AIM OF THE TASK
The stretch wanted below opens at the line containing "[|apply (RInt_subinterval_le f r s t" and closes at the line containing "by (rewrite <- (Rabs_right". Please return it exactly, with no other lines.

DATA FOR THIS EXERCISE

Lemma qform_supp_zero (S : pred nat) y x :
  (forall p q, S p -> S q -> entry y p q = 0) -> supp S x -> qform y x = 0.
Proof.
move=> hy hx; rewrite /qform mxE big1 // => j _; rewrite mxE.
case: (boolP (S j.+1)) => hj; last by rewrite (hx j hj) mulr0.
rewrite big1 ?mul0r // => i _; rewrite mxE.
case: (boolP (S i.+1)) => hi; last by rewrite (hx i hi) mul0r.
by rewrite -entry_ord hy // mulr0.
Qed.

(* if F contains all x x^T with x supported on S, a dual element y of F
   behaves on S like a psd matrix: a zero diagonal entry kills its row *)
Lemma dual_row_zero F (S : pred nat) y p q :
  (forall x, supp S x -> F (rank1 x)) -> dual_cone F y -> S p -> S q ->
  entry y p p = 0 -> entry y p q = 0.
Proof.
move=> hF [sy hd] hp hq hpp; apply: entry_zero_of_plane => // al be.
by rewrite /qform -inner_rank1; apply: hd; apply: hF; apply: supp_plane.
Qed.

Lemma fr_face_rank1_step ys i (S S' : pred nat) :
  (forall p, S' p -> S p) ->
  (forall x, supp S x -> fr_face K ys i (rank1 x)) ->
  dual_cone (fr_face K ys i) (ys i) ->
  (forall p, S' p -> entry (ys i) p p = 0) ->
  forall x, supp S' x -> fr_face K ys i.+1 (rank1 x).
Proof.
move=> hS hF hdual hd x hx /=; split; first by apply: hF; apply: supp_sub hx.
rewrite inner_rank1; apply: (qform_supp_zero (S := S')) hx => p q hp hq.
by apply: (dual_row_zero hF hdual); [apply: hS|apply: hS|apply: hd].
Qed.
(* If f t >= e, then f lies above the triangle of height e on [t-e, t]. *)
Lemma RInt_ge_left_triangle r s t e :
  r <= t - e -> 0 <= e -> t <= s -> e <= f t -> e ^ 2 / 2 <= RInt f r s.
Proof.
  intros. eapply Rle_trans;
    [|apply (RInt_subinterval_le f r s (t - e) t); auto; try lra; apply ex_RInt_lipschitz].
  replace (e ^ 2 / 2) with (RInt (fun z => 1 * (z - (t - e))) (t - e) t)
    by (rewrite RInt_affine; simpl_R_module; field).
  apply RInt_le; [lra | | apply ex_RInt_lipschitz |].
  - apply (@ex_RInt_continuous R_CompleteNormedModule). intros.
    apply continuity_pt_filterlim, derivable_continuous_pt. reg.
  - intros x Hx. pose proof (f_lip t x) as Hl. revert Hl. unfold Rabs.
    repeat destruct Rcase_abs; lra.
Qed.

(* Symmetrically, f lies above the triangle of height e on [t, t+e]. *)
Lemma RInt_ge_right_triangle r s t e :
  r <= t -> 0 <= e -> t + e <= s -> e <= f t -> e ^ 2 / 2 <= RInt f r s.
Proof.
  intros. eapply Rle_trans;
    [|apply (RInt_subinterval_le f r s t (t + e)); auto; try lra; apply ex_RInt_lipschitz].
  replace (e ^ 2 / 2) with (RInt (fun z => -1 * (z - (t + e))) t (t + e))
    by (rewrite RInt_affine; simpl_R_module; field).
  apply RInt_le; [lra | | apply ex_RInt_lipschitz |].
  - apply (@ex_RInt_continuous R_CompleteNormedModule). intros.
    apply continuity_pt_filterlim, derivable_continuous_pt. reg.
  - intros x Hx. pose proof (f_lip t x) as Hl. revert Hl. unfold Rabs.
    repeat destruct Rcase_abs; lra.
Qed.

Lemma sq_increment_le_RInt r s : r <= s -> (f s - f r) ^ 2 <= 2 * RInt f r s.
Proof.
  intros H.
  assert (B : Rabs (f s - f r) <= s - r)
    by (rewrite <- (Rabs_right (s - r)) by lra; apply f_lip).
  pose proof (f_nonneg r). pose proof (f_nonneg s).
  destruct (Rle_dec (f r) (f s)).
  - rewrite Rabs_right in B by lra.
    pose proof (RInt_ge_left_triangle r s s (f s - f r)). lra.
  - rewrite Rabs_left in B by lra.
    pose proof (RInt_ge_right_triangle r s r (f r - f s)).
    replace ((f s - f r) ^ 2) with ((f r - f s) ^ 2) by ring. lra.
Qed.

End OneLipschitz.
Theorem corollary4p2 (R : realType) (A : banachAlgType R) (x1 x2 : A) :
  x1 * x2 = 0 ->
  ((drazin_invertible x1 -> drazin_invertible x2 ->
      drazin_invertible (x1 + x2) /\
      dinv (x1 + x2) =
        \sum_(1 <= n < (dindex x2).+1)
           (1 - x2 * dinv x2) * x2 ^+ (n - 1) * dinv x1 ^+ n
      + \sum_(1 <= n < (dindex x1).+1)
           dinv x2 ^+ n * x1 ^+ (n - 1) * (1 - x1 * dinv x1))
   /\ (drazin_invertible (x1 + x2) -> drazin_invertible x2 ->
         drazin_invertible x1)
   /\ (drazin_invertible (x1 + x2) -> drazin_invertible x1 ->
         drazin_invertible x2 /\
         dinv x2 = dinv (x1 + x2) - dinv (x1 + x2) ^+ 2 * x1)).
Proof.
move=> x12; split; [|split].
- move=> /dinv_drazin D1 /dinv_drazin D2; have D := drazin_add x12 D1 D2.
  by split; [exact: drazin_invertible_of D | exact: dinv_eq D].
- move=> /dinv_drazin Ds /dinv_drazin D2.
  have sx2 : (x1 + x2) * x2 = x2 * x2 by rewrite mulrDl x12 add0r.
  by have := drazin_subr Ds D2 sx2; rewrite addrK; apply: drazin_invertible_of.
- move=> /dinv_drazin Ds /dinv_drazin D1.
  have x1s : x1 * (x1 + x2) = x1 * x1 by rewrite mulrDr x12 addr0.
  have := drazin_subl Ds D1 x1s; rewrite addrC addKr => D2.
  by split; [exact: drazin_invertible_of D2 | rewrite (dinv_eq D2) expr2].
Qed.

TASK RESPONSE
    [|apply (RInt_subinterval_le f r s t (t + e)); auto; try lra; apply ex_RInt_lipschitz].
  replace (e ^ 2 / 2) with (RInt (fun z => -1 * (z - (t + e))) t (t + e))
    by (rewrite RInt_affine; simpl_R_module; field).
  apply RInt_le; [lra | | apply ex_RInt_lipschitz |].
  - apply (@ex_RInt_continuous R_CompleteNormedModule). intros.
    apply continuity_pt_filterlim, derivable_continuous_pt. reg.
  - intros x Hx. pose proof (f_lip t x) as Hl. revert Hl. unfold Rabs.
    repeat destruct Rcase_abs; lra.
Qed.

Lemma sq_increment_le_RInt r s : r <= s -> (f s - f r) ^ 2 <= 2 * RInt f r s.
Proof.
  intros H.
  assert (B : Rabs (f s - f r) <= s - r)
    by (rewrite <- (Rabs_right (s - r)) by lra; apply f_lip).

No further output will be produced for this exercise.